Ces lieux de vie précaires de personnes elles-mêmes en précarité, ayant fabriqué sur des friches urbaines des habitations à partir de matériaux de récupération, correspondent en tous points à la définition des « bidonvilles » : des habitats de fortune sans accès à l’eau ni à l’assainissement, densément peuplés et au statut résidentiel non sécurisé.
Ces lieux de vie sont habités par des personnes, adultes et enfants, attachées à leur territoire, avec toutes les relations qui en découlent : travail, école, santé, voisins, amis, etc.
Les désigner comme des lieux provisoires et illicites n’aide pas à une prise en charge sereine de ces situations socialement très difficiles, ni par les structures de droit commun, ni par les associations.
Pour la Fondation ainsi que toutes les associations membres du Collectif qui travaillent depuis des années avec les populations vivant dans ces bidonvilles, la résorption des bidonvilles commence par la reconnaissance et l’acceptation de la réalité, c’est-à-dire de leur existence.
Reconnaître l’existence des bidonvilles inscrirait l’action publique dans la lutte contre la pauvreté et la résorption de l’habitat indigne, qui disposent d’instruments légaux bien plus constructifs en matière d’insertion que le recours systématique à la force publique lors des expulsions.
Dans les années 60 et 70, la France a su répondre à la situation des bidonvilles qui n’étaient pas mieux tolérés, en mettant en place une politique adaptée axée sur le relogement de ses habitants.
Il n’était pas question à l’époque d’expulsion de « campements », mais de résorption des bidonvilles qui s’accompagnait d’une volonté politique et de la construction d’outils adéquats.
Cette politique engagée a permis une disparition progressive des bidonvilles où vivaient alors près de 47 000 personnes rien qu’en Ile-de-France.
Aujourd’hui, on compte 19 000 personnes en France métropolitaine vivant en bidonvilles, dont 7 300 en Ile-de-France réparties sur 119 bidonvilles.
"Notre objectif commun ne peut être que la résorption des bidonvilles"

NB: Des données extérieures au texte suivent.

Lemma circ_factor_gram (A B : 'M[R]_p) i j a b : (0 < n)%N ->
  C^T *m C = A - B -> D^T *m D = A + (n%:R - 1) *: B ->
  (circ_factor^T *m circ_factor) (pidx i a) (pidx j b) =
  if i == j then A a b else B a b.
Proof.
move=> n_gt0 CtC DtD; have n0 : n%:R != 0 :> R by rewrite pnatr_eq0 -lt0n.
have gram_entry (X : 'M[R]_p) : \sum_c X c a * X c b = (X^T *m X) a b.
  by rewrite mxE; apply: eq_bigr => c _; rewrite mxE.
rewrite mxE big_pidx exchange_big /=.
under eq_bigr => c _ do under eq_bigr => k _ do rewrite mxE !circ_factor_pidx.
under eq_bigr => c _ do rewrite sum_delta_affine.
rewrite (eq_bigr (fun c => (i == j)%:R * (C c a * C c b) +
    n%:R^-1 * (D c a * D c b - C c a * C c b))); last by move=> c _; rewrite !mxE; field.
rewrite big_split /= -!mulr_sumr sumrB !gram_entry CtC DtD !mxE.
by case: eqP => _ /=; field.
Qed.

End CirculantFactor.

Lemma perm_le1 m (s : {perm 'I_m}) : (m <= 1)%N -> s = 1%g.
Proof.
move=> m_le1; have ord_eq0 (i : 'I_m) : val i = 0%N.
  by apply/eqP; rewrite -leqn0 -ltnS (leq_trans (ltn_ord i) m_le1).
by apply/permP => i; rewrite perm1; apply/val_inj; rewrite !ord_eq0.
Qed.

Lemma psd_invariant_factor (R : rcfType) n p (G : 'M[R]_(n * p)) :
  psd G -> (forall s, permG s G = G) ->
  exists P : 'M[R]_(n * p), P^T *m P = G /\ forall s, permG s P = P.
Proof.
move=> psdG Ginv; have [n_le1|n_gt1] := leqP n 1.
  have [P PG] := psd_factor psdG; exists P; split=> // s.
  by rewrite (perm_le1 s n_le1) permG1.
have n_gt0 : (0 < n)%N by apply: ltnW.
pose i0 : 'I_n := Ordinal n_gt0; pose j0 : 'I_n := Ordinal n_gt1.
have i0j0 : i0 != j0 by [].
have [C CtC] := psd_factor (psd_diag_sub_offdiag Ginv i0j0 psdG).
have [D DtD] := psd_factor (psd_diag_add_offdiag Ginv i0j0 psdG).
exists (circ_factor n C D); split; last exact: permG_circ_factor.
apply/matrixP => u v; rewrite -[u]pidx_invK -[v]pidx_invK.
by rewrite (circ_factor_gram _ _ _ _ n_gt0 CtC DtD) (permG_invariant_blockE Ginv i0j0).
Qed.

Lemma col_pidx_tperm (R : pzRingType) n p (P : 'M[R]_(n * p)) i j a :
  permG (tperm i j) P = P ->
  col (pidx j a) P = perm_mx (blk_permP (tperm i j)) *m col (pidx i a) P.
Proof.
move=> Pinv; rewrite -row_permE; apply/matrixP => r k.
by rewrite -{1}Pinv !mxE blk_perm_pidx tpermR permE.
Qed.

Lemma blk_permP1 n p : blk_permP 1%g = 1%g :> {perm 'I_(n * p)}.
Proof. by apply/permP => u; rewrite permE perm1 blk_perm1. Qed.

Lemma orthogonal_perm_mx (R : comPzRingType) m (s : 'S_m) :
  orthogonal_mx (perm_mx s : 'M[R]_m).
Proof. by rewrite /orthogonal_mx tr_perm_mx -perm_mxM mulVg perm_mx1. Qed.

Lemma orthogonal_mx_tr (R : comUnitRingType) m (Q : 'M[R]_m) :
  orthogonal_mx Q -> orthogonal_mx Q^T.
Proof. by rewrite /orthogonal_mx trmxK; apply: mulmx1C. Qed.

Section OrthogonalExtension.
Variables (R : comPzRingType) (m d : nat).
Hypothesis m_le_d : (m <= d)%N.

Lemma mul_pid_mxK k (X : 'M[R]_(m, k)) :
  (pid_mx m : 'M[R]_(m, d)) *m (pid_mx m *m X) = X.
Proof. by rewrite mulmxA pid_mx_id // pid_mx_1 mul1mx. Qed.

Definition ext_mx (Q : 'M[R]_m) : 'M[R]_d := pid_mx m *m Q *m pid_mx m + copid_mx m.

Lemma ext_mx_pid Q k (X : 'M[R]_(m, k)) :
  ext_mx Q *m (pid_mx m *m X) = pid_mx m *m (Q *m X).
Proof.
rewrite mulmxDl [copid_mx m *m _]mulmxA mul_copid_mx_pid // mul0mx addr0.
by rewrite -!mulmxA mul_pid_mxK.
Qed.

Lemma ext_mxM Q Q' : ext_mx Q *m ext_mx Q' = ext_mx (Q *m Q').
Proof.
rewrite {2}/ext_mx mulmxDr -[pid_mx m *m Q' *m _]mulmxA ext_mx_pid.
rewrite {1}/ext_mx mulmxDl -mulmxA mul_pid_mx_copid // mulmx0 add0r copid_mx_id //.
by rewrite /ext_mx !mulmxA.
Qed.

Lemma ext_mx_tr Q : (ext_mx Q)^T = ext_mx Q^T.
Proof.
by rewrite /ext_mx /copid_mx !linearD linearN /= trmx1 !trmx_mul !tr_pid_mx mulmxA.
Qed.

Lemma ext_mx1 : ext_mx 1%:M = 1%:M.
Proof. by rewrite /ext_mx mulmx1 pid_mx_id // /copid_mx addrC subrK. Qed.

Lemma orthogonal_ext_mx Q : orthogonal_mx Q -> orthogonal_mx (ext_mx Q).
Proof. by rewrite /orthogonal_mx ext_mx_tr ext_mxM => ->; apply: ext_mx1. Qed.

End OrthogonalExtension.

Section Gradient.
Variables (R : realType) (d : nat) (Q : 'M[R]_d).

Lemma mulmx_differentiable (x : 'cV[R]_d) : differentiable (mulmx Q) x.
Proof.
have -> : mulmx Q = \sum_(j < d) (fun y : 'cV[R]_d => y j 0 *: col j Q).
  rewrite fct_sumE; apply/funext => y; apply/matrixP => i k.
  by rewrite !mxE summxE; apply: eq_bigr => j _; rewrite !mxE ord1 mulrC.
by apply: differentiable_sum => j; apply: differentiableZl; apply: differentiable_coord.
Qed.

Lemma diff_mulmx (x : 'cV[R]_d) : 'd (mulmx Q) x = mulmx Q :> (_ -> _).
Proof.
pose L : {linear 'cV[R]_d -> 'cV[R]_d} := mulmx Q.
by apply: (diff_lin (f := L)) => y; apply/differentiable_continuous/mulmx_differentiable.
Qed.

Lemma is_gradient_mulmx (f : 'cV[R]_d -> R^o) (x g : 'cV[R]_d) :
  is_gradient f (Q *m x) g -> is_gradient (fun y => f (Q *m y)) x (Q^T *m g).
Proof.
move=> [df fg]; have dQ := mulmx_differentiable x.
have -> : (fun y => f (Q *m y)) = f \o mulmx Q by [].
split; first exact: differentiable_comp.
by move=> h; rewrite diff_comp //= diff_mulmx fg trmx_mul trmxK mulmxA.
Qed.

End Gradient.

Lemma interpolates_orth (R : realType) d n p q (xc gc : 'I_q -> 'I_p)
    (F : 'M[R]_(n, q)) (P : 'M[R]_(d, n * p)) i j (f : 'cV[R]_d -> R^o) (Q : 'M[R]_d) :
  orthogonal_mx Q -> (forall a, locvar P j a = Q *m locvar P i a) ->
  (forall k, F j k = F i k) ->
  interpolates xc gc F P i f -> interpolates xc gc F P j (fun x => f (Q^T *m x)).
Proof.
move=> QQ Pji Fji fi k; rewrite !Pji Fji; split.
  by rewrite mulmxA QQ mul1mx; apply: (fi k).1.
rewrite -[Q in Q *m locvar P i (gc k)]trmxK; apply: is_gradient_mulmx.
by rewrite mulmxA QQ mul1mx; apply: (fi k).2.
Qed.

L'un des maires qui a reçu le courrier d'appel, nous a communiqué sa réponse. En voici l'essentiel :
... "Comme vous le savez, la ville d'IVry rencontre sur son territoire de ce type de situations et a toujours porté assistance à ces populations, par l'accès des enfants à la scolarisation, l'accès aux soins, à l'accompagnement social, par des aménagements de première nécessité sur ces lieux aux conditions de vie extrêment difficiles.
Lors de la Conférence régionale, bien décevante, qui s'est déroulée entre octobre 2015 et avril 2016, je n'ai eu de cesse de réclamer au Préfet de région l'abandon du terme "campement illicite" et l'utilisation du terme "bidonville", strictement conforme à la réalité.
Notre objectif commun ne peut être que la résorption des bidonvilles, comme je le réaffirme avec d'autres collectivité d'Ile-de-France.... ce sont ces exigences de justice et de solidarité que nous porterons collectivement."...
Philippe Bouyssou, Maire d'Ivry-sur-Seine.